(Stored data)
────────────────
Lemma card_ffun_in (I S : finType) (P : pred I) (Q : pred S) :
  #|[pred g : {ffun I -> S} | [forall i in P, g i \in Q]]|
  = (#|Q| ^ #|P| * #|S| ^ #|[predC P]|)%N.
Proof.
pose F i := if P i then Q else predT.
have -> : #|[pred g : {ffun I -> S} | [forall i in P, g i \in Q]]|
          = #|(family F : simpl_pred {ffun I -> S})|.
  apply: eq_card => g; rewrite !inE.
  apply/forall_inP/familyP => [gQ i | gF i iP]; rewrite /F.
    by case: ifP => // iP; apply: gQ.
  by have := gF i; rewrite /F -[P i]/(i \in P) iP.
rewrite card_family foldrE big_map big_enum (bigID P) /=.
rewrite (eq_bigr (fun=> #|Q|)) => [|i iP]; last by rewrite /F iP.
rewrite [X in (_ * X)%N](eq_bigr (fun=> #|S|)) => [|i iP].
  by rewrite !prod_nat_const.
by rewrite /F (negbTE iP); apply: eq_card.
Qed.

Lemma card_tuple_tnth_in (S : finType) L (t : 'I_L) (Q : pred S) :
  #|[pred o : L.-tuple S | tnth o t \in Q]| = (#|Q| * #|S| ^ L.-1)%N.
Proof.
pose psi (g : {ffun 'I_L -> S}) := [tuple g i | i < L].
have psi_bij : bijective psi.
  exists (fun o : L.-tuple S => [ffun i => tnth o i]).
    by move=> g; apply/ffunP => i; rewrite ffunE tnth_mktuple.
  by move=> o; apply: eq_from_tnth => i; rewrite tnth_mktuple ffunE.
rewrite -[LHS]sum1_card (reindex psi) /=; last exact: onW_bij.
under eq_bigl => g do rewrite inE tnth_mktuple.
have -> : (#|Q| * #|S| ^ L.-1 = #|Q| ^ #|pred1 t| * #|S| ^ #|[predC pred1 t]|)%N.
  by rewrite card1 cardC1 card_ord.
rewrite sum1_card -card_ffun_in; apply: eq_card => g; rewrite !inE.
by apply/idP/forall_inP => [gQ i /eqP -> | gQ]; [exact: gQ | exact: (gQ t (eqxx t))].
Qed.

Lemma all_take_tnth {T : Type} {L t0 : nat} (o : L.-tuple T) (t0_le_L : (t0 <= L)%N)
    (a : pred T) :
  (forall t : 'I_t0, a (tnth o (widen_ord t0_le_L t))) -> all a (take t0 o).
Proof.
case: t0 t0_le_L => [|t0] t0_le_L a_o; first by rewrite take0.
pose x0 := tnth o (Ordinal t0_le_L).
apply/(all_nthP x0) => i; rewrite size_takel ?size_tuple // => i_lt.
by have := a_o (Ordinal i_lt); rewrite (tnth_nth x0) nth_take.
Qed.

Section UniformProbability.
Context {R : realType}.

Definition Pr {Om : finType} (A : pred Om) : R := #|A|%:R / #|Om|%:R.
────────────────
__WHAT TO PRODUCE__: Every entry needs to be written out again, exactly as given.

__RESPONSE AREA__:
Lemma card_ffun_in (I S : finType) (P : pred I) (Q : pred S) :
  #|[pred g : {ffun I -> S} | [forall i in P, g i \in Q]]|
  = (#|Q| ^ #|P| * #|S| ^ #|[predC P]|)%N.
Proof.
pose F i := if P i then Q else predT.
have -> : #|[pred g : {ffun I -> S} | [forall i in P, g i \in Q]]|
          = #|(family F : simpl_pred {ffun I -> S})|.
  apply: eq_card => g; rewrite !inE.
  apply/forall_inP/familyP => [gQ i | gF i iP]; rewrite /F.
    by case: ifP => // iP; apply: gQ.
  by have := gF i; rewrite /F -[P i]/(i \in P) iP.
rewrite card_family foldrE big_map big_enum (bigID P) /=.
rewrite (eq_bigr (fun=> #|Q|)) => [|i iP]; last by rewrite /F iP.
rewrite [X in (_ * X)%N](eq_bigr (fun=> #|S|)) => [|i iP].
  by rewrite !prod_nat_const.
by rewrite /F (negbTE iP); apply: eq_card.
Qed.

Lemma card_tuple_tnth_in (S : finType) L (t : 'I_L) (Q : pred S) :
  #|[pred o : L.-tuple S | tnth o t \in Q]| = (#|Q| * #|S| ^ L.-1)%N.
Proof.
pose psi (g : {ffun 'I_L -> S}) := [tuple g i | i < L].
have psi_bij : bijective psi.
  exists (fun o : L.-tuple S => [ffun i => tnth o i]).
    by move=> g; apply/ffunP => i; rewrite ffunE tnth_mktuple.
  by move=> o; apply: eq_from_tnth => i; rewrite tnth_mktuple ffunE.
rewrite -[LHS]sum1_card (reindex psi) /=; last exact: onW_bij.
under eq_bigl => g do rewrite inE tnth_mktuple.
have -> : (#|Q| * #|S| ^ L.-1 = #|Q| ^ #|pred1 t| * #|S| ^ #|[predC pred1 t]|)%N.
  by rewrite card1 cardC1 card_ord.
rewrite sum1_card -card_ffun_in; apply: eq_card => g; rewrite !inE.
by apply/idP/forall_inP => [gQ i /eqP -> | gQ]; [exact: gQ | exact: (gQ t (eqxx t))].
Qed.

Lemma all_take_tnth {T : Type} {L t0 : nat} (o : L.-tuple T) (t0_le_L : (t0 <= L)%N)
    (a : pred T) :
  (forall t : 'I_t0, a (tnth o (widen_ord t0_le_L t))) -> all a (take t0 o).
Proof.
case: t0 t0_le_L => [|t0] t0_le_L a_o; first by rewrite take0.
pose x0 := tnth o (Ordinal t0_le_L).
apply/(all_nthP x0) => i; rewrite size_takel ?size_tuple // => i_lt.
by have := a_o (Ordinal i_lt); rewrite (tnth_nth x0) nth_take.
Qed.

Section UniformProbability.
Context {R : realType}.

Definition Pr {Om : finType} (A : pred Om) : R := #|A|%:R / #|Om|%:R.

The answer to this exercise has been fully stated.